You can see how Tesseract has processed the image by using the configuration variabletessedit_write_images to true when running Tesseract. If the resulting tessinput.tif file looks problematic, try some of these image processing operations before passing the image to Tesseract.

Rescaling

Tesseract works best on images which have a DPI of at least 300 dpi, so it may be beneficial to resize images. For more information see the FAQ.

Binarisation

binarisation.png

This is converting an image to black and white. Tesseract does this internally, but the result can be suboptimal, particularly if the page background is of uneven darkness.

Noise Removal

noise.png

Noise is random variation of brightness or colour in an image, that can make the text of the image more difficult to read. Certain types of noise cannot be removed by Tesseract in the binarisation step, which can cause accuracy rates to drop.

Rotation / Deskewing

skew-linedetection.png

A skewed image is when an page has been scanned when not straight. The quality of Tesseract's line segmentation reduces significantly if a page is too skewed, which severely impacts the quality of the OCR. To address this rotating the page image so that the text lines are horizontal.

Border Removal

borders.png

Scanned pages often have dark borders around them. These can be erroneously picked up as extra characters, especially if they vary in shape and gradation.

Tools / Libraries

Examples

If you need an example how to improve image quality programmatically, have a look at this examples:

Page segmentation method

By default Tesseract expects a page of text when it segments an image. If you're just seeking to OCR a small region try a different segmentation mode, using the -psm argument. Note that adding a white border to text which is too tightly cropped may also help, see issue 398.

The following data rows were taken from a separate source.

(* Let $n\in\mathbb N$, let $\varphi\in\mathscr S_M(\mathbb R)$ be even and real-valued, and let $\varepsilon>0$. Then the map $T_\varepsilon:\mathscr P_n(\mathbb R)\to\mathscr P_n(\mathbb R)$, $T_\varepsilon(p)=p*\varphi_\varepsilon$, is a linear bijection (an automorphism of $\mathscr P_n(\mathbb R)$). Moreover, for $p\in\mathscr P_n(\mathbb R)$, with $p_0:=p$, $p_{j+1}:=T_\varepsilon(p_j)-p_j$ and $T_\varepsilon^0:=\mathrm{id}$: if $n$ is even, $$T_\varepsilon^{-1}(p)=\sum_{j=0}^{n/2}(-1)^jp_j=\sum_{j=0}^{n/2}\sum_{k=0}^{j}(-1)^{j+k}\binom{j}{k}T_\varepsilon^{\,j-k}(p)=\sum_{j=0}^{n/2}(-1)^{n/2-j}\binom{n/2+1}{j}T_\varepsilon^{\,n/2-j}(p);$$ if $n$ is odd, $$T_\varepsilon^{-1}(p)=\sum_{j=0}^{(n-1)/2}(-1)^jp_j=\sum_{j=0}^{(n-1)/2}(-1)^{\frac{n-1}{2}-j}\binom{\frac{n+1}{2}}{j}T_\varepsilon^{\,\frac{n-1}{2}-j}(p).$$ Here $T_\varepsilon^m$ denotes the $m$-fold composition of $T_\varepsilon$.
   Context: $\mathscr S_M(\mathbb R)=\{f\in\mathscr S(\mathbb R): \int_{\mathbb R}f=1\}$, where $\mathscr S(\mathbb R)$ is the Schwartz space. $\varphi_\varepsilon(x):=\frac1\varepsilon\varphi(x/\varepsilon)$ for $\varepsilon>0$. $\mathscr P_n(\mathbb R)$ is the real vector space of real polynomials of degree at most $n$. Convolution: $(f*g)(x)=\int_{\mathbb R}f(x-y)g(y)\,dy$. *)

From HB Require Import structures.
From mathcomp Require Import all_boot all_order all_algebra.
From mathcomp Require Import all_classical all_reals all_analysis.
Set Implicit Arguments. Unset Strict Implicit. Unset Printing Implicit Defensive.
Import Order.TTheory GRing.Theory Num.Theory.
Local Open Scope ring_scope.
Local Open Scope classical_set_scope.
(* Let $s\ge2$, $\delta\ge2$, and let $\mathcal{C}$ be an $[n,k,d]_q$ linear code with multiple $(r_i,\delta)_{i\in[s]}$ localities (i.e. $\delta_1=\dots=\delta_s=\delta$) with respect to a partition $\mathcal{T}_1,\dots,\mathcal{T}_s$ of $[n]$, $n_i=|\mathcal{T}_i|$, $r_1\le\dots\le r_s$. Let $\Delta_0=0$ and $\Delta_j=\sum_{i=1}^{j}\lceil n_i/(r_i+\delta-1)\rceil(\delta-1)$ for $j=1,\dots,s-1$. Suppose $\sum_{i=1}^{s-1}r_i\lceil n_i/(r_i+\delta-1)\rceil\le k-1$ and, for each $j=1,\dots,s-1$, $$r_j\left\lceil\frac{\Delta_j-\Delta_{j-1}-1}{\delta-1}\right\rceil+(\Delta_j-\Delta_{j-1}-1)<n_j.$$ Then $d\le n-k+1-(\Gamma-1)(\delta-1)$, where $$\Gamma=\sum_{i=1}^{s-1}\left\lceil\frac{n_i}{r_i+\delta-1}\right\rceil+\left\lceil\frac{k-\sum_{i=1}^{s-1}r_i\lceil n_i/(r_i+\delta-1)\rceil}{r_s}\right\rceil.$$
   Context: $[n]=\{1,\dots,n\}$. For an $[n,k,d]_q$ linear code with generator matrix columns $\vec g_1,\dots,\vec g_n$, a regenerating set of coordinate $i$ is a (minimal) subset $R\subseteq[n]$ with $i\in R$ such that $\vec g_i$ is an $\mathbb{F}_q$-linear combination of $\{\vec g_j\}_{j\in R\setminus\{i\}}$ and no proper subset of $R\setminus\{i\}$ suffices; $\mathcal{R}_i$ is the set of regenerating sets of coordinate $i$. Multiple $(r_i,\delta)_{i\in[s]}$ localities: $\mathcal{T}_1,\dots,\mathcal{T}_s$ is a partition of $[n]$, $r_1\le\dots\le r_s$ are integers, and for each $i\in[s]$ and each $\iota\in\mathcal{T}_i$ there is $S_\iota\subseteq\mathcal{T}_i$ with $\iota\in S_\iota$, $\delta\le|S_\iota|\le r_i+\delta-1$, such that for every $E\subseteq S_\iota$ with $|E|=\delta-1$ and every $j\in E$, $(S_\iota\setminus E)\cup\{j\}\in\mathcal{R}_j$. *)

From HB Require Import structures.
From mathcomp Require Import all_boot all_order all_algebra all_field.
Set Implicit Arguments. Unset Strict Implicit. Unset Printing Implicit Defensive.
Import GRing.Theory.
Local Open Scope ring_scope.

Definition ceildiv (a b : nat) : nat := ((a + b).-1 %/ b)%N.

Section Codes.
Variables (F : finFieldType) (k n : nat) (G : 'M[F]_(k, n)).

Definition wt (v : 'rV[F]_n) : nat := #|[set j : 'I_n | v 0 j != 0]|.

Definition is_min_dist (d : nat) : Prop :=
  (exists m : 'rV[F]_k, m *m G != 0 /\ wt (m *m G) = d) /\
  (forall m : 'rV[F]_k, m *m G != 0 -> (d <= wt (m *m G))%N).

Definition in_col_span (v : 'cV[F]_k) (S : {set 'I_n}) : Prop :=
  exists c : 'I_n -> F, v = \sum_(j in S) c j *: col j G.

Definition regen_set (i : 'I_n) (R : {set 'I_n}) : Prop :=
  i \in R /\ in_col_span (col i G) (R :\ i) /\
  (forall S : {set 'I_n}, S \proper (R :\ i) -> ~ in_col_span (col i G) S).

(* Multiple (r_i, delta)_{i in [s]} localities w.r.t. T_1..T_s (1-based) *)
Definition multiple_localities (s : nat) (T : nat -> {set 'I_n})
  (r : nat -> nat) (delta : nat) : Prop :=
  (forall i, (1 <= i <= s)%N -> T i != set0) /\
  (forall i j, (1 <= i <= s)%N -> (1 <= j <= s)%N -> i <> j ->
      [disjoint T i & T j]) /\
  (forall x : 'I_n, exists i, (1 <= i <= s)%N /\ x \in T i) /\
  (forall i, (1 <= i <= s)%N -> (0 < r i)%N) /\
  (forall i j, (1 <= i)%N -> (i <= j <= s)%N -> (r i <= r j)%N) /\
  (forall i, (1 <= i <= s)%N -> forall iota, iota \in T i ->
     exists S : {set 'I_n}, S \subset T i /\ iota \in S /\
       (delta <= #|S| <= r i + delta - 1)%N /\
       forall E : {set 'I_n}, E \subset S -> #|E| = delta.-1 ->
         forall j, j \in E -> regen_set j ((S :\: E) :|: [set j])).

End Codes.

Definition Delta (nT r : nat -> nat) (delta j : nat) : nat :=
  (\sum_(1 <= i < j.+1) ceildiv (nT i) (r i + delta - 1) * (delta - 1))%N.

Definition Gamma (nT r : nat -> nat) (delta s k : nat) : nat :=
  (\sum_(1 <= i < s) ceildiv (nT i) (r i + delta - 1) +
   ceildiv (k - \sum_(1 <= i < s) r i * ceildiv (nT i) (r i + delta - 1)) (r s))%N.

From mathcomp Require Import all_boot all_order all_algebra all_field zify.
Set Implicit Arguments. Unset Strict Implicit. Unset Printing Implicit Defensive.
Import GRing.Theory.

(* Write rank X for the rank of the columns g_j, j in X.  If rank X < k, some
   nonzero codeword vanishes on X, and enlarging X by columns outside its span
   until the rank reaches k - 1 gives d <= n - k + 1 - (|X| - rank X).  So it
   suffices to build X with rank X < k and |X| - rank X >= (Gamma - 1)(delta - 1).
   This is done greedily with repair groups: any |S| - delta + 1 points of a
   repair group S span it, so a group containing a column outside the span of X
   meets X in at most |S| - delta points, and adding it raises rank X by at most
   |S| - delta + 1 <= r_i while raising |X| - rank X by at least delta - 1.  The
   hypothesis on Delta_j leaves room for ceil(n_j / (r_j + delta - 1)) groups
   inside each T_j, j < s; then ceil((k - sum_j r_j ceil(...)) / r_s) - 1 more
   groups, taken anywhere, still keep the rank below k. *)

Lemma subset_card_between (T : finType) (A C : {set T}) m :
  A \subset C -> #|A| <= m <= #|C| ->
  exists B : {set T}, [/\ A \subset B, B \subset C & #|B| = m].
Proof.
move=> AC; elim: m => [|m IH] /andP[Am mC].
  by exists A; split=> //; apply/eqP; rewrite -leqn0.
have [Am1 | neq_Am] := eqVneq #|A| m.+1; first by exists A.
have [B [AB BC cardB]] : exists B : {set T}, [/\ A \subset B, B \subset C & #|B| = m].
  by apply: IH; apply/andP; split; lia.
have /properP[_ [x xC xB]] : B \proper C by rewrite properEcard BC cardB.
exists (x |: B); split; first exact: subset_trans AB (subsetUr _ _).
  by rewrite subUset sub1set xC.
by rewrite cardsU1 xB cardB.
Qed.

Lemma ceildiv_gt0 a b : 0 < a -> 0 < b -> 0 < ceildiv a b.
Proof. by move=> a_gt0 b_gt0; rewrite /ceildiv divn_gt0 //; lia. Qed.

Lemma ceildiv_pred_mul_lt a b : 0 < a -> 0 < b -> (ceildiv a b).-1 * b < a.
Proof.
move=> a_gt0 b_gt0; rewrite /ceildiv -subn1 mulnBl mul1n.
have := leq_divM (a + b).-1 b; lia.
Qed.

Lemma pred_leq_ceildiv c b : 0 < b -> c.-1 <= ceildiv (c * b - 1) b.
Proof.
move=> b_gt0; rewrite /ceildiv leq_divRL //.
case: c => [|c] //=; rewrite mulSn; lia.
Qed.

Section ColumnRank.
Variables (F : finFieldType) (k n : nat) (G : 'M[F]_(k, n)).
Implicit Types (A B E P X Y : {set 'I_n}) (j : 'I_n).

Definition cols_mx X : 'M[F]_(n, k) :=
  \matrix_(j, l) (if j \in X then G l j else 0%R).

Local Notation rank_cols X := (\rank (cols_mx X)).
Local Notation col_spanned j X := (((col j G)^T)%R <= cols_mx X)%MS.

Lemma row_cols_mx X j :
  row j (cols_mx X) = if j \in X then ((col j G)^T)%R else 0%R.
Proof. by apply/rowP => l; rewrite !mxE; case: (j \in X); rewrite ?mxE. Qed.

Lemma col_sub_cols_mx X j : j \in X -> col_spanned j X.
Proof. by move=> jX; have := row_sub j (cols_mx X); rewrite row_cols_mx jX. Qed.

Lemma cols_mx_sub X Y :
  (forall j, j \in Y -> col_spanned j X) -> (cols_mx Y <= cols_mx X)%MS.
Proof.
by move=> YX; apply/row_subP => j; rewrite row_cols_mx; case: ifP => [/YX|_]; rewrite ?sub0mx.
Qed.

Lemma cols_mxS X Y : X \subset Y -> (cols_mx X <= cols_mx Y)%MS.
Proof. by move=> /subsetP XY; apply: cols_mx_sub => j /XY /col_sub_cols_mx. Qed.

Lemma in_col_span_sub v X Y :
  in_col_span G v X -> X \subset Y -> ((v^T)%R <= cols_mx Y)%MS.
Proof.
move=> [c ->] /subsetP XY; rewrite linear_sum /= summx_sub // => j /XY jY.
by rewrite linearZ /= scalemx_sub // col_sub_cols_mx.
Qed.

Lemma rank_colsU X Y : rank_cols (X :|: Y) <= rank_cols X + rank_cols Y.
Proof.
have XY_sub : (cols_mx (X :|: Y) <= cols_mx X + cols_mx Y)%MS.
  apply/row_subP => j; rewrite row_cols_mx inE; case: ifP => [|_]; last exact: sub0mx.
  case/orP=> /col_sub_cols_mx jXY.
    exact: submx_trans jXY (addsmxSl _ _).
  exact: submx_trans jXY (addsmxSr _ _).
exact: leq_trans (mxrankS XY_sub) (mxrank_adds_leqif _ _).
Qed.

Lemma rank_cols_card X : rank_cols X <= #|X|.
Proof.
pose M := (\matrix_(i < #|X|) (col (enum_val i) G)^T)%R.
have XM : (cols_mx X <= M)%MS.
  apply/row_subP => j; rewrite row_cols_mx; case: ifP => [jX|_]; last exact: sub0mx.
  by rewrite -[j in (col j G)](enum_rankK_in jX jX) -(rowK (fun i => (col (enum_val i) G)^T)%R) row_sub.
exact: leq_trans (mxrankS XM) (rank_leq_row _).
Qed.

Lemma rank_colsU1 X j :
  ~~ col_spanned j X -> rank_cols (j |: X) = (rank_cols X).+1.
Proof.
move=> jX; apply/eqP; rewrite eqn_leq.
have -> /= : (rank_cols X < rank_cols (j |: X)).
  apply: rank_ltmx; rewrite ltmxE cols_mxS ?subsetUr //=.
  by apply: contra jX => /(submx_trans _); apply; rewrite col_sub_cols_mx // setU11.
rewrite andbT (leq_trans (rank_colsU _ _)) // -add1n leq_add2r.
by rewrite -(cards1 j) rank_cols_card.
Qed.

Section MinimumDistance.

Hypothesis G_free : row_free G.

Lemma rank_colsT : rank_cols setT = k.
Proof.
have -> : cols_mx setT = (G^T)%R by apply/matrixP => j l; rewrite !mxE inE.
by rewrite mxrank_tr; apply/eqP.
Qed.

Lemma col_notin_span X : rank_cols X < k -> exists j, ~~ col_spanned j X.
Proof.
move=> ltXk; apply/existsP; rewrite -negb_forall; apply: contraL ltXk => /forallP Xall.
have /mxrankS : (cols_mx setT <= cols_mx X)%MS by apply: cols_mx_sub => j _; exact: Xall.
by rewrite rank_colsT -leqNgt.
Qed.

Variable d : nat.
Hypothesis d_min : is_min_dist G d.

Lemma min_dist_card_compl X : rank_cols X < k -> d + #|X| <= n.
Proof.
move=> ltXk.
have /rowV0Pn[m /sub_kermxP mX m0] : (kermx (cols_mx X)^T != 0)%R.
  by rewrite -mxrank_eq0 mxrank_ker mxrank_tr; lia.
have mG_X j : j \in X -> (m *m G)%R 0%R j = 0%R.
  move=> jX; move/matrixP/(_ ord0 j): mX; rewrite !mxE => mXj.
  by apply: etrans _ mXj; apply: eq_bigr => l _; rewrite !mxE jX.
have mG0 : (m *m G != 0)%R by rewrite mulmx_free_eq0.
have supp : #|[set j | (m *m G)%R 0%R j != 0%R]| <= #|~: X|.
  by apply/subset_leq_card/subsetP => i; rewrite !inE; apply: contra => /mG_X ->.
have /leq_trans/(_ supp) := d_min.2 m mG0; have := cardsC X; rewrite card_ord; lia.
Qed.

Lemma singleton_bound_cols X :
  rank_cols X < k -> d + #|X| + k <= n + 1 + rank_cols X.
Proof.
have [m] := ubnP (k - rank_cols X); elim: m X => // m IH X ltm ltXk.
have dX := min_dist_card_compl ltXk.
have [|ltX1k] := leqP k (rank_cols X).+1; first lia.
have [j jX] := col_notin_span ltXk.
have jnX : j \notin X by apply: contra jX => /col_sub_cols_mx.
have rjX := rank_colsU1 jX.
have := IH (j |: X); rewrite rjX cardsU1 jnX; lia.
Qed.

End MinimumDistance.

Section RepairGroups.
Variable delta : nat.

Definition repair_group A : Prop :=
  forall E, E \subset A -> #|E| = delta.-1 ->
    forall j, j \in E -> regen_set G j ((A :\: E) :|: [set j]).

Lemma repair_group_span A B :
  repair_group A -> B \subset A -> #|B| + delta.-1 = #|A| ->
  (cols_mx A <= cols_mx B)%MS.
Proof.
move=> gA BA cardB; apply: cols_mx_sub => j jA.
have [jB | jnB] := boolP (j \in B); first exact: col_sub_cols_mx.
have cardAB : #|A :\: B| = delta.-1.
  by have := cardsID B A; rewrite (setIidPr BA); lia.
have jAB : j \in A :\: B by rewrite inE jnB.
have [_ [span_j _]] := gA _ (subsetDl A B) cardAB j jAB.
apply: in_col_span_sub span_j _.
rewrite setDDr setDv set0U (setIidPr BA).
by apply/subsetP => x; rewrite !inE => /andP[/negbTE ->]; rewrite orbF.
Qed.
(* For all positive integers $k$, $s$ and $n$, $$\sum_{d\mid k}\bigl|c_d^{(s)}(n)\bigr| = 2^{\omega\left(\frac{k^s}{(k^s,n)_s}\right)}\,(k^s,n)_s .$$
   Context: For positive integers $a,b,s$, the generalized gcd $(a,b)_s$ is the largest $d^s$ ($d\in\mathbb{N}$) such that $d^s\mid a$ and $d^s\mid b$. The Cohen–Ramanujan sum is defined for positive integers $q,n,s$ by $$c_q^{(s)}(n)=\sum_{\substack{h=1\\ (h,q^s)_s=1}}^{q^s} e^{2\pi i n h/q^s}.$$ $\omega(m)$ denotes the number of distinct prime divisors of $m$ (so $\omega(1)=0$). *)

From mathcomp Require Import all_boot all_order all_algebra.
From mathcomp Require Import complex.
From mathcomp Require Import reals trigo.
Set Implicit Arguments. Unset Strict Implicit. Unset Printing Implicit Defensive.
Import Order.TTheory GRing.Theory Num.Theory.

(* generalized gcd (a,b)_s : the largest d^s (d in N) dividing both a and b.
   For a > 0 any such d satisfies d <= a, so d ranges over 0..a. *)
Definition ggcd (s a b : nat) : nat :=
  \max_(d < a.+1 | (d ^ s %| a) && (d ^ s %| b)) d ^ s.

Definition omega (m : nat) : nat := size (primes m).

Local Open Scope ring_scope.
Local Open Scope complex_scope.

Definition expi (R : realType) (x : R) : R[i] := (cos x) +i* (sin x).

Definition cohen_ramanujan (R : realType) (s q n : nat) : R[i] :=
  \sum_(1 <= h < (q ^ s).+1 | ggcd s h (q ^ s) == 1%N)
     expi ((2 * pi * (n * h)%:R) / (q ^ s)%:R : R).

From mathcomp Require Import all_boot all_order all_algebra.
From mathcomp Require Import complex.
From mathcomp Require Import reals trigo.
From mathcomp.algebra_tactics Require Import ring.
From mathcomp Require Import zify.
Import Order.TTheory GRing.Theory Num.Theory.
Set Implicit Arguments. Unset Strict Implicit.

(* Group the h in [1, r^s] by the value m^s = (h, r^s)_s, where m | r: the
   class of m contributes c_{r/m}^{(s)}(n), so summing a geometric series gives
   \sum_{d | r} c_d^{(s)}(n) = F(r) := r^s [r^s | n].  As F is multiplicative,
   c^{(s)}(n) is its Moebius inverse, the multiplicative integer function with
   c_{p^i}^{(s)}(n) = F(p^i) - F(p^{i-1}).  Then \sum_{d | k} |c_d^{(s)}(n)| is
   multiplicative as well, and at k = p^a, with v = floor(v_p(n) / s), the
   absolute values sum to p^{as} if a <= v and to 2 p^{vs} if a > v, which is
   the value of the right-hand side at p^a. *)

Lemma coprime_dvdn_split a b d : coprime a b -> d %| a * b ->
  d = gcdn d a * gcdn d b.
Proof.
move=> cab dab; apply/eqP; rewrite eqn_dvd; apply/andP; split; last first.
  rewrite Gauss_dvd ?dvdn_gcdl //.
  exact: coprime_dvdl (dvdn_gcdr d a) (coprime_dvdr (dvdn_gcdr d b) cab).
have : d %| gcdn (gcdn d a * b) (gcdn d a * d).
  by rewrite dvdn_gcd [X in _ && X]dvdn_mull // muln_gcdl dvdn_gcd dab dvdn_mulr.
by rewrite -muln_gcdr (gcdnC b d).
Qed.

Lemma divisorsM a b : 0 < a -> 0 < b -> coprime a b ->
  perm_eq (divisors (a * b)) [seq x * y | x <- divisors a, y <- divisors b].
Proof.
move=> a0 b0 cab; apply: uniq_perm; first exact: divisors_uniq.
  apply: allpairs_uniq; [exact: divisors_uniq | exact: divisors_uniq |].
  move=> [x1 y1] [x2 y2] /allpairsP[[u1 v1] /= [u1a v1b [-> ->]]].
  move=> /allpairsP[[u2 v2] /= [u2a v2b [-> ->]]] /= E.
  rewrite -!dvdn_divisors // in u1a v1b u2a v2b.
  have c12 : coprime u1 v2 by apply: (coprime_dvdl u1a); apply: (coprime_dvdr v2b).
  have c21 : coprime u2 v1 by apply: (coprime_dvdl u2a); apply: (coprime_dvdr v1b).
  have eu : u1 = u2.
    apply/eqP; rewrite eqn_dvd -(Gauss_dvdl _ c12) -E dvdn_mulr //=.
    by rewrite -(Gauss_dvdl _ c21) E dvdn_mulr.
  have u0 : 0 < u1 by apply: dvdn_gt0 u1a.
  by rewrite -eu; congr (_, _); apply/eqP; rewrite -(eqn_pmul2l u0) E eu.
move=> d; apply/idP/allpairsP.
  rewrite -dvdn_divisors ?muln_gt0 ?a0 // => dab.
  exists (gcdn d a, gcdn d b); rewrite /= -!dvdn_divisors // !dvdn_gcdr.
  by split=> //; apply: coprime_dvdn_split.
move=> [[x y] /= [xa yb ->]]; rewrite -dvdn_divisors ?muln_gt0 ?a0 //.
by rewrite -!dvdn_divisors // in xa yb; apply: dvdn_mul.
Qed.

Lemma divisors_pfactor p a : prime p ->
  perm_eq (divisors (p ^ a)) [seq p ^ i | i <- iota 0 a.+1].
Proof.
move=> pp; apply: uniq_perm; first exact: divisors_uniq.
  by rewrite map_inj_uniq ?iota_uniq //; apply: expnI; apply: prime_gt1.
move=> d; rewrite -dvdn_divisors ?expn_gt0 ?prime_gt0 //.
apply/dvdn_pfactor/mapP => // [[m ma ->] | [m]].
  by exists m => //; rewrite mem_iota.
by rewrite mem_iota add0n ltnS => ma ->; exists m.
Qed.

Lemma divisors_perm_div r : 0 < r ->
  perm_eq (divisors r) [seq r %/ m | m <- divisors r].
Proof.
move=> r0; apply: uniq_perm; first exact: divisors_uniq.
  rewrite map_inj_in_uniq ?divisors_uniq // => m1 m2.
  rewrite -!dvdn_divisors // => d1 d2 E.
  have q0 : 0 < r %/ m1 by rewrite divn_gt0 ?(dvdn_gt0 r0) // dvdn_leq.
  apply/eqP; rewrite -(eqn_pmul2l q0); apply/eqP.
  by rewrite {2}E mulnC divnK // mulnC divnK.
move=> d; apply/idP/mapP.
  rewrite -dvdn_divisors // => dr; exists (r %/ d).
    by rewrite -dvdn_divisors // dvdn_div.
  by rewrite divnA // mulKn // (dvdn_gt0 r0).
by move=> [m mr ->]; rewrite -dvdn_divisors //; apply: dvdn_div; rewrite dvdn_divisors.
Qed.

Lemma dvdn_logn d a : 0 < d -> 0 < a ->
  (forall p, prime p -> logn p d <= logn p a) -> d %| a.
Proof.
move=> d0 a0 le_da; apply/dvdn_partP => // p; rewrite mem_primes => /and3P[pp _ _].
by rewrite p_part pfactor_dvdn // le_da.
Qed.

Lemma expn_lcm_dvdn s x y a : x ^ s %| a -> y ^ s %| a -> lcmn x y ^ s %| a.
Proof.
have [-> | s0] := posnP s; first by rewrite !expn0.
move=> xa ya; have [-> | a0] := posnP a; first exact: dvdn0.
have pos_root e : e ^ s %| a -> 0 < e.
  by rewrite lt0n; apply: contraTneq => ->; rewrite exp0n // dvd0n -lt0n.
have x0 := pos_root x xa; have y0 := pos_root y ya.
apply: dvdn_logn => //; first by rewrite expn_gt0 lcmn_gt0 x0 y0.
move=> p pp; have := dvdn_leq_log p a0 xa; have := dvdn_leq_log p a0 ya.
by rewrite !lognX logn_lcm // maxnMr geq_max => -> ->.
Qed.

Section GeneralizedGcd.

Variable s : nat.
Hypothesis s_gt0 : 0 < s.

Definition is_ggcd_root a b D :=
  [/\ D ^ s %| a, D ^ s %| b & forall e, e ^ s %| a -> e ^ s %| b -> e %| D].

Lemma ggcd_root_exists a b : 0 < a ->
  exists2 D, is_ggcd_root a b D & ggcd s a b = D ^ s.
Proof.
move=> a0; rewrite /ggcd; set A := [pred d : 'I_a.+1 | (d ^ s %| a) && (d ^ s %| b)].
have A_gt0 : 0 < #|A|.
  by apply/card_gt0P; exists (Ordinal (a0 : 1 < a.+1)); rewrite inE /= exp1n !dvd1n.
have [D AD DE] := eq_bigmax_cond (fun d : 'I_a.+1 => d ^ s) A_gt0; rewrite DE.
move: AD; rewrite inE => /andP[Da Db]; exists (val D) => //; split=> // e ea eb.
have La : lcmn e D ^ s %| a by apply: expn_lcm_dvdn.
have Lb : lcmn e D ^ s %| b by apply: expn_lcm_dvdn.
have L0 : 0 < lcmn e D.
  by have := dvdn_gt0 a0 La; rewrite expn_gt0 eqn0Ngt s_gt0 orbF.
have L_le_a : lcmn e D < a.+1.
  rewrite ltnS; apply: leq_trans (dvdn_leq a0 La).
  by rewrite -{1}(expn1 (lcmn e D)) leq_pexp2l.
have := @leq_bigmax_cond _ A (fun d : 'I_a.+1 => d ^ s) (Ordinal L_le_a).
rewrite inE /= La Lb DE => /(_ isT); rewrite leq_exp2r // => L_le_D.
have -> : val D = lcmn e D by apply/eqP; rewrite eqn_leq L_le_D dvdn_leq ?dvdn_lcmr.
exact: dvdn_lcml.
Qed.

Lemma ggcd_rootE a b D : 0 < a -> is_ggcd_root a b D -> ggcd s a b = D ^ s.
Proof.
move=> a0 [Da Db DM]; have [E [Ea Eb EM] ->] := ggcd_root_exists b a0.
by congr (_ ^ _); apply/eqP; rewrite eqn_dvd EM ?DM.
Qed.

Lemma ggcd_dvdl a b : 0 < a -> ggcd s a b %| a.
Proof. by move=> a0; have [D [] ? _ _ ->] := ggcd_root_exists b a0. Qed.

Lemma ggcd1n b : ggcd s 1 b = 1.
Proof.
rewrite -{2}(exp1n s); apply: ggcd_rootE; split; rewrite ?exp1n ?dvd1n // => e.
by rewrite -{1}(exp1n s) dvdn_pexp2r.
Qed.

Lemma ggcd_pmul2l x a b : 0 < x -> 0 < a ->
  ggcd s (x ^ s * a) (x ^ s * b) = x ^ s * ggcd s a b.
Proof.
move=> x0 a0; have [D [Da Db DM] ->] := ggcd_root_exists b a0.
have xs0 : 0 < x ^ s by rewrite expn_gt0 x0.
rewrite -expnMn; apply: ggcd_rootE; first by rewrite muln_gt0 xs0.
split; rewrite ?expnMn ?dvdn_pmul2l // => e ea eb.
have [t Lt] := dvdnP (dvdn_lcmr e x).
have La := expn_lcm_dvdn ea (dvdn_mulr a (dvdnn (x ^ s))).
have Lb := expn_lcm_dvdn eb (dvdn_mulr b (dvdnn (x ^ s))).
rewrite Lt expnMn mulnC dvdn_pmul2l // in La.
rewrite Lt expnMn mulnC dvdn_pmul2l // in Lb.
by apply: dvdn_trans (dvdn_lcml e x) _; rewrite Lt mulnC dvdn_pmul2l // DM.
Qed.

To see a complete list of supported page segmentation modes, use tesseract -h. Here's the list as of 3.04:

 0   Orientation and script detection (OSD) only.
 1   Automatic page segmentation with OSD.
 2   Automatic page segmentation, but no OSD, or OCR.
 3   Fully automatic page segmentation, but no OSD. (Default)
 4   Assume a single column of text of variable sizes.
 5   Assume a single uniform block of vertically aligned text.
 6   Assume a single uniform block of text.
 7   Treat the image as a single text line.
 8   Treat the image as a single word.
 9   Treat the image as a single word in a circle.
10   Treat the image as a single character.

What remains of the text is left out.